Online Referrals: Will Facebook’s Small Business Snub Be a Game Changer?

changing currentsThe currents that carry website visitors around the Internet are always ebbing and flowing. If you watch them over time you’ll observe some big changes.

For as long as most of us can remember, the major current carrying referral visitors has been organic searches, mostly via Google, however that changed in the final quarter of 2014, according to a report from Shareaholic. Social networks pushed Google out of its first place position. Eight major social networks combined for over 31 percent of Internet referral traffic.

Beating Google at its own game is great, but even more impressive is social media’s year-to-year growth. In Q1 2013, this group accounted for only about 23 percent of referral traffic. That’s almost a 35 percent growth in one year.

Will Smallbiz jump ship?

Yet there could be more changes just around the corner. The single biggest player among the social media platforms for referral traffic is – as I’m sure you guessed – Facebook. But a recent poll conducted by Alignable says that a majority of small business owners will not be paying for promotional posts as Facebook stops putting business posts into news feeds for free, which it began to do in January.

Fully 68 percent of respondents said they wouldn’t pay; 14 percent said they would, and 18 percent were undecided. Facebooks “paying for posts policy” is really putting the squeeze on small business owners, especially when it’s coupled with Facebook’s concerted effort to halt business-related posts made via a member’s personal profiles.

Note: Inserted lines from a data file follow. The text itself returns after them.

Lemma eta_const_mul_le p w x y : 0 < p -> 0 < w -> w < 1 -> `|y| <= `|x| ->
  eta_const p w * `|x - y| <=
  `|f_omega w x - f_omega w y| * (`|x| `^ (p * w) + `|y| `^ (p * w)) `^ ((1 - w) / (p * w)).
Proof.
move=> p_gt0 w_gt0 w_lt1 yx.
have pw_neq0 : p * w != 0 by rewrite gt_eqF ?mulr_gt0.
have [yx_eq|yx_lt] := eqVneq `|y| `|x|.
  have := normB_le_f_omega w_gt0 w_lt1 yx; rewrite yx_eq subrr mul0r addr0 => t_le.
  have e_ge0 : 0 <= (1 - w) / (p * w) by rewrite divr_ge0 ?subr_ge0 ?ltW ?mulr_gt0.
  have two_e_ge1 : 1 <= 2 `^ ((1 - w) / (p * w)) :> R.
    by have := ler_powR (_ : 1 <= 2 :> R) e_ge0; rewrite powRr0 ler1n; apply.
  have -> : (`|x| `^ (p * w) + `|x| `^ (p * w)) `^ ((1 - w) / (p * w)) =
      2 `^ ((1 - w) / (p * w)) * `|x| `^ (1 - w).
    have -> : `|x| `^ (p * w) + `|x| `^ (p * w) = 2 * `|x| `^ (p * w) by ring.
    by rewrite powRM ?ler0n ?powR_ge0 // -powRrM [p * w * _]mulrC divfK.
  apply: le_trans (ler_wpM2r (normr_ge0 _) (eta_const_le1 p_gt0 w_gt0)) _.
  rewrite mul1r (le_trans t_le) // mulrC; apply: ler_wpM2l => //.
  by rewrite ler_peMl ?powR_ge0.
have ab_gt0 : 0 < `|x| - `|y| by rewrite subr_gt0 lt_neqAle yx_lt yx.
have x_gt0 : 0 < `|x| by have := normr_ge0 y; lra.
have s01 : 0 <= `|y| / `|x| < 1 by rewrite divr_ge0 // ltr_pdivrMr // mul1r; lra.
have := eta_ratio_mul p_gt0 w_gt0 (ltW x_gt0) s01; rewrite divfK ?gt_eqF // => key.
rewrite -(ler_pM2r ab_gt0).
apply: (@le_trans _ _ (eta_ratio p w (`|y| / `|x|) * `|x - y| * (`|x| - `|y|))).
  by apply/ler_wpM2r/ler_wpM2r => //; [exact: ltW | exact: eta_const_le].
rewrite mulrAC key mulrAC [X in _ <= X]mulrAC [_ * `|x - y|]mulrC.
by apply: ler_wpM2r; [exact: powR_ge0 | exact: normB_mul_powRB_le].
Qed.

Lemma f_omega_lower_bound p w x y : 0 < p -> 0 < w -> w < 1 ->
  eta_const p w * `|x - y| / (`|x| `^ (p * w) + `|y| `^ (p * w)) `^ ((1 - w) / (p * w))
    <= `|f_omega w x - f_omega w y|.
Proof.
move=> p_gt0 w_gt0 w_lt1; wlog yx : x y / `|y| <= `|x|.
  move=> hwlog; have [|/ltW xy] := leP `|y| `|x|; first exact: hwlog.
  by rewrite (distrC x) (distrC (f_omega w x)) [`|x| `^ _ + _]addrC; exact: hwlog.
have := powR_ge0 (`|x| `^ (p * w) + `|y| `^ (p * w)) ((1 - w) / (p * w)).
rewrite le_eqVlt => /predU1P[<-|S_gt0]; first by rewrite invr0 mulr0.
by rewrite ler_pdivrMr //; exact: eta_const_mul_le.
Qed.

Lemma exists_norm1 : (exists z : X, z != 0) -> exists z : X, `|z| = 1.
Proof.
move=> [z z_neq0]; exists (`|z|^-1 *: z).
by rewrite normrZ ger0_norm ?invr_ge0 // mulVf // normr_eq0.
Qed.

Lemma eta_const_sharp p w c z : 0 < p -> 0 < w -> `|z| = 1 -> eta_const p w < c ->
  exists x y : X, `|f_omega w x - f_omega w y|
      < c * `|x - y| / (`|x| `^ (p * w) + `|y| `^ (p * w)) `^ ((1 - w) / (p * w)).
Proof.
move=> p_gt0 w_gt0 z1 eta_c.
have [s /andP[s_ge0 s_lt1] ratio_c] := eta_const_approx w_gt0 eta_c.
have distZ r : 0 <= r <= 1 -> `|z - r *: z| = 1 - r.
  case/andP=> r_ge0 r_le1.
  by rewrite -{1}(scale1r z) -scalerBl normrZ z1 mulr1 ger0_norm ?subr_ge0.
exists z, (s *: z).
have sw01 : 0 <= s `^ w <= 1 by rewrite powR_ge0 powR_le1 ?(ltW w_gt0) ?s_ge0 ?(ltW s_lt1).
rewrite f_omegaZ // f_omega_norm1 // !distZ ?s_ge0 ?(ltW s_lt1) //.
rewrite normrZ z1 mulr1 ger0_norm // powR1 ltr_pdivlMr ?powR_gt0 ?ltr_wpDr ?powR_ge0 //.
by move: ratio_c; rewrite /eta_ratio mulrAC ltr_pdivrMr // subr_gt0.
Qed.

Lemma holder_const_sharp w c z : 0 < w -> `|z| = 1 -> c < 2 `^ (1 - w) ->
  exists x y : X, c * `|x - y| `^ w < `|f_omega w x - f_omega w y|.
Proof.
move=> w_gt0 z1 c_lt; exists z, (- z).
rewrite f_omegaN f_omega_norm1 // opprK -mulr2n -scaler_nat normrZ z1 mulr1 ger0_norm ?ler0n //.
apply: (@lt_le_trans _ _ (2 `^ (1 - w) * 2 `^ w)); first by rewrite ltr_pM2r ?powR_gt0.
by rewrite mulrC powR_mulB1r ?ler0n.
Qed.

End NormedModule.

End PowerFunction.

Theorem lemma5p12 (R : realType) (X : completeNormedModType R) (w : R)
  (hw0 : 0 < w) (hw1 : w < 1) :
  (forall (p : R), 0 < p -> forall x y : X,
      eta_const p w * `|x - y| / (`|x| `^ (p * w) + `|y| `^ (p * w)) `^ ((1 - w) / (p * w))
        <= `|f_omega w x - f_omega w y|
      /\ `|f_omega w x - f_omega w y| <= 2 `^ (1 - w) * `|x - y| `^ w)
  /\
  ((exists z : X, z != 0) ->
     (forall (p : R), 0 < p -> forall c : R, eta_const p w < c ->
        exists x y : X,
          `|f_omega w x - f_omega w y|
            < c * `|x - y| / (`|x| `^ (p * w) + `|y| `^ (p * w)) `^ ((1 - w) / (p * w)))
     /\
     (forall c : R, c < 2 `^ (1 - w) ->
        exists x y : X, c * `|x - y| `^ w < `|f_omega w x - f_omega w y|)).
Proof.
split=> [p p_gt0 x y|X_nontrivial].
  by split; [exact: f_omega_lower_bound | exact: f_omega_holder].
have [z z1] := exists_norm1 X_nontrivial.
split=> [p p_gt0 c|c].
  exact: eta_const_sharp p_gt0 hw0 z1.
exact: holder_const_sharp hw0 z1.
Qed.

Currently Facebook drives about a quarter of all Internet referral traffic. Pinterest ranks second and the six other properties – Twitter, StumbleUpon, Reddit, Google+, LinkedIn and YouTube – account for less than 2 percent of total web referral traffic.

If the Alignable poll results are anything close to what will actually occur in the coming months, further increases in Facebook referrals will happen largely without the participation of small business. Ultimately, however, many small business owners may decide to apportion part of their advertising and marketing budgets currently earmarked for Google’s AdWords program, to Facebook advertising.

Maybe mobile will pay off

I should also note that Facebook’s mobile advertising revenue has seen some impressive gains in recent months, which either means that businesses are experimenting with its service or that it is delivering the results advertisers are looking for. If it’s the latter, Google should continue to see its referral share decrease.

How does your business fit into this ever-changing picture? If it teaches us one thing, it’s that no business owner should “stand pat” on a specific social media marketing mix. You need to be ready to try different platforms, with varying content. You need to be willing to create an advertising and marketing budget so you can honestly test the options you have available.